Неслучайно, даже автор очень популярной в России с конца 70-х годов XVIII века кулинарной книги, со свойственной эпохе обстоятельностью названной «Словарь поваренный, приспешничий, кондиторский и дистиллаторский, содержащий по азбучному порядку подробное и верное наставление к приготовлению всякого рода кушанья из французской, немецкой, голландской и английской поварни…»[190]
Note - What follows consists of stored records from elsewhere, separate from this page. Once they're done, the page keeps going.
(* Let $X$ be a connected, locally connected topological space and let $f\colon X\to[0,1]$ be a continuous surjection. Then $f$ is a quotient map, i.e. a subset $G\subseteq[0,1]$ is open in $[0,1]$ if and only if $f^{-1}(G)$ is open in $X$.
   Context: $[0,1]$ carries its usual Euclidean topology. *)

From HB Require Import structures.
From mathcomp Require Import all_boot all_order all_algebra.
From mathcomp Require Import all_classical all_reals all_analysis.
Import numFieldNormedType.Exports.
Local Open Scope classical_set_scope.
Local Open Scope ring_scope.

Definition locally_connected (T : topologicalType) : Prop :=
  forall (x : T) (U : set T), open U -> U x ->
    exists V : set T, [/\ open V, connected V, V x & V `<=` U].

Definition open_in_subspace (T : topologicalType) (A G : set T) : Prop :=
  exists U : set T, open U /\ G = U `&` A.

From HB Require Import structures.
From mathcomp Require Import all_boot all_order all_algebra.
From mathcomp Require Import all_classical all_reals all_analysis.
Import numFieldNormedType.Exports.
Import Order.TTheory GRing.Theory Num.Theory.
Local Open Scope classical_set_scope.
Local Open Scope ring_scope.

(* Given y = f x0 in G, suppose G contains no interval [y, t) with t > y.
   Then the sublevel set {f <= y} is open: near a point where f = y take a
   connected open V inside f^-1(G); its image is an interval of G through y,
   so it cannot reach above y. Being also closed and nonempty, the sublevel
   set is all of X, so f never exceeds y. Hence, when f takes values on both
   sides of y, G contains an interval around y; at an end point of the range
   a one-sided interval suffices for openness relative to the range. *)

Lemma open_in_subspace_nbhs (T : topologicalType) (A G : set T) :
  G `<=` A -> (forall y, G y -> exists U, [/\ open U, U y & U `&` A `<=` G]) ->
  open_in_subspace T A G.
Proof.
move=> GA nbhsG.
pose P := [set U : set T | open U /\ U `&` A `<=` G].
exists (\bigcup_(U in P) U); split; first by apply: bigcup_open => U [].
apply/seteqP; split=> [y Gy|y [[U [_ UAG] Uy] Ay]]; last exact: UAG.
have [U [oU Uy UAG]] := nbhsG y Gy.
by split; [exists U | exact: GA].
Qed.

Section RightInterval.
Context {R : realType} {X : topologicalType} {f : X -> R} {G : set R}.
Hypotheses (cX : connected [set: X]) (lcX : locally_connected X).
Hypotheses (cf : continuous f) (oG : open (f @^-1` G)).

Lemma open_sublevel_no_right_interval (y : R) : G y ->
  ~ (exists2 t, y < t & forall z, y <= z < t -> G z) ->
  open (f @^-1` [set w | w <= y]).
Proof.
move=> Gy noG; rewrite openE => x /=; rewrite le_eqVlt => /predU1P[fxy|fxy].
  have [V [oV cV Vx VG]] : exists V, [/\ open V, connected V, V x & V `<=` f @^-1` G].
    by apply: lcX oG _; rewrite /= fxy.
  apply: filterS (open_nbhs_nbhs (conj oV Vx)) => w Vw /=.
  rewrite leNgt; apply/negP => yw; apply: noG; exists (f w) => // z /andP[yz zw].
  have fV : is_interval (f @` V).
    apply/connected_intervalP/(connected_continuous_connected cV).
    exact: continuous_subspaceT.
  have [u Vu <-] : (f @` V) z.
    by apply: (fV y (f w)); [exists x | exists w | rewrite yz ltW].
  exact: VG.
have : nbhs x (f @^-1` [set w | w < y]).
  by apply: cf; apply: open_nbhs_nbhs; split; [exact: open_lt | exact: fxy].
by apply: filterS => w /ltW.
Qed.

Lemma right_interval_of_value (x0 x1 : X) : G (f x0) -> f x0 < f x1 ->
  exists2 t, f x0 < t & forall z, f x0 <= z < t -> G z.
Proof.
move=> Gfx0 fx01; apply: contrapT => noG.
pose S := f @^-1` [set w | w <= f x0].
have ST : S = [set: X].
  apply: cX; first by exists x0; rewrite /S /= lexx.
  - by exists S; [exact: open_sublevel_no_right_interval | rewrite setTI].
  - exists S; last by rewrite setTI.
    by apply: preimage_closed => [x _|]; [exact: cf | exact: closed_le].
have : S x1 by rewrite ST.
by rewrite /S /= leNgt fx01.
Qed.

Lemma right_interval_of_value_le (b : R) (x0 x1 : X) :
  f x1 = b -> G (f x0) -> f x0 <= b ->
  exists2 t, f x0 < t & forall z, f x0 <= z < t -> z <= b -> G z.
Proof.
move=> fx1 Gfx0; rewrite le_eqVlt => /predU1P[fx0b|fx0b].
  exists (b + 1); first by rewrite fx0b ltrDl.
  move=> z /andP[fx0z _] zb.
  by have -> : z = f x0 by apply/eqP; rewrite eq_le fx0z fx0b zb.
have [|t fx0t Gt] := right_interval_of_value x0 x1 Gfx0; first by rewrite fx1.
by exists t => // z /Gt.
Qed.

End RightInterval.

Lemma left_interval_of_value_ge {R : realType} {X : topologicalType}
    {f : X -> R} {G : set R} (cX : connected [set: X])
    (lcX : locally_connected X) (cf : continuous f) (oG : open (f @^-1` G))
    (a : R) (x0 x1 : X) :
  f x1 = a -> G (f x0) -> a <= f x0 ->
  exists2 s, s < f x0 & forall z, s < z <= f x0 -> a <= z -> G z.
Proof.
move=> fx1 Gfx0 afx0.
have cNf : continuous (fun x => - f x) by move=> x; exact: continuousN (cf x).
have oNG : open ((fun x => - f x) @^-1` [set z | G (- z)]).
  suff -> : (fun x => - f x) @^-1` [set z | G (- z)] = f @^-1` G by [].
  by apply/seteqP; split => x /=; rewrite opprK.
have [|||t fx0t Gt] := right_interval_of_value_le cX lcX cNf oNG (- a) x0 x1.
- by rewrite fx1.
- by rewrite /= opprK.
- by rewrite lerN2.
exists (- t); first by rewrite ltrNl.
move=> z /andP[tz zfx0] az; rewrite -[z]opprK; apply: Gt.
  by rewrite lerN2 zfx0 ltrNl.
by rewrite lerN2.
Qed.

Theorem mainTheorem2 (R : realType) (X : topologicalType) (f : X -> R) :
  connected [set: X] -> locally_connected X ->
  continuous f -> range f = `[0, 1]%classic :> set R ->
  forall G : set R, G `<=` `[0, 1]%classic ->
    (@open_in_subspace R `[0, 1]%classic G <-> open (f @^-1` G)).
Proof.
move=> cX lcX cf rf G G01.
have f01 x : `[0, 1]%classic (f x) by rewrite -rf; exists x.
split=> [[U [oU ->]]|oG].
  suff -> : f @^-1` (U `&` `[0, 1]%classic) = f @^-1` U.
    by apply: open_comp => // x _; exact: cf.
  by apply/seteqP; split => [x []|x Ufx] //; split=> //; exact: f01.
have [x0 _ fx0] : range f 0 by rewrite rf /= in_itv /= lexx ler01.
have [x1 _ fx1] : range f 1 by rewrite rf /= in_itv /= lexx ler01.
apply: (@open_in_subspace_nbhs R) => // y Gy.
have [x _ fxy] : range f y by rewrite rf; exact: G01.
rewrite -fxy in Gy *.
have := f01 x; rewrite /= in_itv /= => /andP[fx_ge0 fx_le1].
have [t fxt Gt] := right_interval_of_value_le cX lcX cf oG 1 x x1 fx1 Gy fx_le1.
have [s sfx Gs] := left_interval_of_value_ge cX lcX cf oG 0 x x0 fx0 Gy fx_ge0.
exists `]s, t[%classic; split; first exact: itv_open.
  by rewrite /= in_itv /= sfx fxt.
move=> z [] /=; rewrite !in_itv /= => /andP[sz zt] /andP[z0 z1].
have [fxz|zfx] := leP (f x) z; first by apply: Gt => //; rewrite fxz.
by apply: Gs => //; rewrite sz ltW.
Qed.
, писатель, переводчик, а также драматург В. А. Левшин предпочитал не вводить собственные кулинарные интересы в свои литературные произведения. В его появившейся в 1794 году (то есть почти одновременно с выходом «Словаря…») пьесе «Свадьба Волдырева», открывшей вместе с более ранней, 1788 года, анонимного авторства «Свадьбой Промоталова» долгий ряд «свадеб» русской драматургии, образы застолья и упоминания о еде как таковой отсутствуют.Принято считать, что первым ввел «кулинарный антураж» в русскую словесность XVIII века Д. И. Фонвизин, тонкий ценитель кухни, как явствует из его путевых заметок и дневников, а также слывший, по воспоминаниям современников, «совершенным гурмэ» И. А. Крылов, который в буквальном смысле вывел пирог на сцену, т. е. сделал его смысловым центром одноименной комедии. Но это была бытовая комедия – жанр, по-прежнему воспринимавшийся литературным сознанием эпохи как популярный и продуктивный, но все же «низкий».
«Высокой» поэзии конца XVIII века – начала XIX века гастрономические образы и темы были чужды, по крайней мере до тех пор, пока Пушкин не легализовал их в статусе «поэтических предметов»[191]
, однако и он будет полуиронизировать-полуоправдываться в «Евгении Онегине» из-за того, что слишком часто говорит «о разных кушаньях и пробках». В 1837 году выходит первая и единственная в истории русской литературы гастрономическая поэма «Обед» В. С. Филимонова (1787–1858)[192], описания застолий как средство создания национального колорита или способ психологического портретирования нередко встречаются в романтической прозе первой трети XIX века. Наконец в 1844–1845 годы «Записки для хозяек», выходившие приложением к «Литературной газете», публикуют лекции «доктора энциклопедии и прочих наук» Пуфа о кухонном искусстве, составленные В. Ф. Одоевским[193], однако в конце XVIII – начале XIX века мотивы трапезы оставались для русской словесности второстепенными. Классицистическое противопоставление «высоких» и «низких» предметов – «то, что возвышенно…, – вне быта, а то, что прикосновенно быту…, возвышенным быть не может»[194] по-прежнему оставалось в силе.Что делает Г. Р. Державин? В самом общем виде можно сказать, что он выводит «проблематику трапезы» из области бытописания и вводит ее в контекст глубочайших размышлений о смысле и цели человеческой жизни. Уже в стихотворении 1779 года «На смерть князя Мещерского» трапеза знаменует саму «жизнь жительствующую». Напряженное противопоставление «стола яств» как овеществленной полноты жизни «гробу» – столь же овеществленному небытию («Где стол был яств, там гроб стоит») создает кульминацию не только строфы, но и произведения в целом, в том числе и на формальном уровне – 44-я из 88 строк, она буквально делит текст пополам. Однако развернутые образы трапезы будут преобладать лишь у зрелого Державина – «Приглашение к обеду» было создано в 1795 году, «Похвала сельской жизни» в 1795, «Евгению. Жизнь Званская» появляется в 1807. «Застолье, – пишет С. С. Аверинцев, – один из важнейших символов, переходящих из одного стихотворения Державина в другое. Он приглашает нас на пир своей поэзии, как хлебосольный и тороватый хозяин, – и сам, как гость, с изумлением, с нерастраченным детским восторгом, ни к чему не привыкая и не остывая… благодарно смотрит на щедроты бытия»[195]
. Далее мы попытаемся показать, что парой «созерцание-приглашение» определяется специфика трактовки образов трапезы в державинской поэзии.